=== INSTRUCTIONS FOR THE TASK ===
In the records below, find the line that contains "pair_coord A B 0 j]" and the line that contains "rewrite !unsplitK /= -[X", then retype exactly those two lines and every line between them.

=== Saved data entries ===
Lemma jacobian_hom_eq_tangent A B :
  pure_cubic A -> pure_cubic B -> \det A = 1 -> \det B = 1 ->
  \matrix_(k < 3 + 3, i < N) (mderiv i (hom_eq k)).@[fun j => pair_coord A B 0 j]
    *m tangent_mx A B = 1%:M.
Proof.
move=> pA pB detA detB; apply/matrixP => k l; rewrite !mxE.
under eq_bigr do rewrite !mxE.
rewrite -[k]splitK -[l]splitK; case: (split l) => j'; case: (split k) => j;
  rewrite !unsplitK /= -[X in X = _]/(dirderiv _ _ _) dirderiv_hom_eq;
  rewrite ?(unsplitK (inl j : 'I_3 + 'I_3)) ?(unsplitK (inr j : 'I_3 + 'I_3));
  rewrite ?eq_lshift ?eq_rshift ?eq_lrshift ?eq_rlshift ?order3_eq_diff0 //;
  exact: order3_eq_diff_tangent.
Qed.

Lemma HomVar_of_hom_eq A0 B0 (y : 'rV[R]_N) :
  pure_cubic A0 -> pure_cubic B0 ->
  (forall i, `|y 0 i - pair_coord A0 B0 0 i| < 1) ->
  (forall k, (hom_eq k).@[fun i => y 0 i] = 0) -> HomVar y.
Proof.
rewrite -(pair_coordK y); set A := vec_mx _; set B := vec_mx _.
move=> [trA0 _] [trB0 _] near eqs.
have [detA A3] : \det A = 1 /\ A ^+ 3 = 1.
  apply: (order3_eq_near trA0) => [i|j].
    by have := near (fst_coord i i); rewrite !pair_coord_fst.
  by have := eqs (unsplit (inl j)); rewrite meval_hom_eq unsplitK.
have [detB B3] : \det B = 1 /\ B ^+ 3 = 1.
  apply: (order3_eq_near trB0) => [i|j].
    by have := near (snd_coord i i); rewrite !pair_coord_snd.
  by have := eqs (unsplit (inr j)); rewrite meval_hom_eq unsplitK.
by exists A, B.
Qed.

Lemma smooth_point_pure_cubic A B :
  pure_cubic A -> pure_cubic B -> \det A = 1 -> \det B = 1 ->
  smooth_point (@HomVar R) (pair_coord A B).
Proof.
move=> pA pB detA detB; split.
  by exists A, B; split; rewrite ?pure_cubic_det1_exp3.
exists (3 + 3)%N, hom_eq; split.
- by move=> y Vy k; apply: hom_eq_vanish.
- apply/eqP; rewrite eqn_leq rank_leq_row /=.
  by rewrite -[X in (X <= _)%N](mxrank1 R) -(jacobian_hom_eq_tangent pA pB) // mxrankM_maxl.
- exists 1 => // y near; split; first by move=> Vy k; apply: hom_eq_vanish.
  exact: HomVar_of_hom_eq pA pB near.
Qed.

End HomVariety.

Section Theta.
Variable R : realType.

Lemma cbrt_exp3 (x : R) : cbrt x ^+ 3 = x.
Proof.
have powR3 (y : R) : 0 <= y -> (y `^ 3^-1) ^+ 3 = y.
  move=> y_ge0; rewrite -powR_mulrn ?powR_ge0 // -powRrM mulVf ?pnatr_eq0 //.
  exact: powRr1.
rewrite /cbrt exprMn; case: sgrP => [->|x_gt0|x_lt0]; first by rewrite expr0n mul0r.
  by rewrite expr1n mul1r powR3 // ltW.
by rewrite powR3 ?oppr_ge0 ?ltW //; ring.
Qed.

Lemma piSL_pure_cubic (M : 'M[R]_3) : pure_cubic M -> \det M != 0 ->
  pure_cubic (piSL M) /\ \det (piSL M) = 1.
Proof.
move=> pM detM; split; first exact: pure_cubic_scale.
by rewrite detZ exprVn cbrt_exp3 mulVf.
Qed.

Lemma det_mx3 (a b c d e f g h k : R) :
  \det (mx3 a b c d e f g h k) =
    a * e * k + b * f * g + c * d * h - c * e * g - b * d * k - a * f * h.
Proof.
rewrite (expand_det_row _ ord0) !big_ord_recl big_ord0 /cofactor.
rewrite !(expand_det_row _ ord0) !big_ord_recl !big_ord0 /cofactor !det_mx11.
by rewrite !mxE /= /bump /=; ring.
Qed.

Lemma mxtrace_mx3 (a b c d e f g h k : R) :
  \tr (mx3 a b c d e f g h k) = a + e + k.
Proof. by rewrite /mxtrace /mx3 !big_ord_recl big_ord0 !mxE /=; ring. Qed.

Lemma mxtrace_sqr_mx3 (a b c d e f g h k : R) :
  \tr (mx3 a b c d e f g h k ^+ 2) = a ^+ 2 + e ^+ 2 + k ^+ 2 + (b * d + c * g + f * h) *+ 2.
Proof. by rewrite /mxtrace /mx3 expr2 -mulmxE !(mxE, big_ord_recl, big_ord0) /=; ring. Qed.

Lemma det_Sigma (eps del : R) : \det (Sigma eps del) = 1.
Proof.
rewrite det_mx3 /coshR /sinhR !expRN.
have := expR_gt0 eps; have := expR_gt0 del; rewrite !lt0r => /andP[del0 _] /andP[eps0 _].
by field; rewrite eps0 del0.
Qed.

Variables (zt zb : R).
Hypotheses (zt_bound : -1 < zt < 1) (zb_bound : -1 < zb < 1).

Lemma pure_cubic_A_Theta : pure_cubic (A_Theta zt zb).
Proof. by split; rewrite /A_Theta ?mxtrace_mx3 ?mxtrace_sqr_mx3; ring. Qed.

=== WRITTEN ANSWER ===
  \matrix_(k < 3 + 3, i < N) (mderiv i (hom_eq k)).@[fun j => pair_coord A B 0 j]
    *m tangent_mx A B = 1%:M.
Proof.
move=> pA pB detA detB; apply/matrixP => k l; rewrite !mxE.
under eq_bigr do rewrite !mxE.
rewrite -[k]splitK -[l]splitK; case: (split l) => j'; case: (split k) => j;
  rewrite !unsplitK /= -[X in X = _]/(dirderiv _ _ _) dirderiv_hom_eq;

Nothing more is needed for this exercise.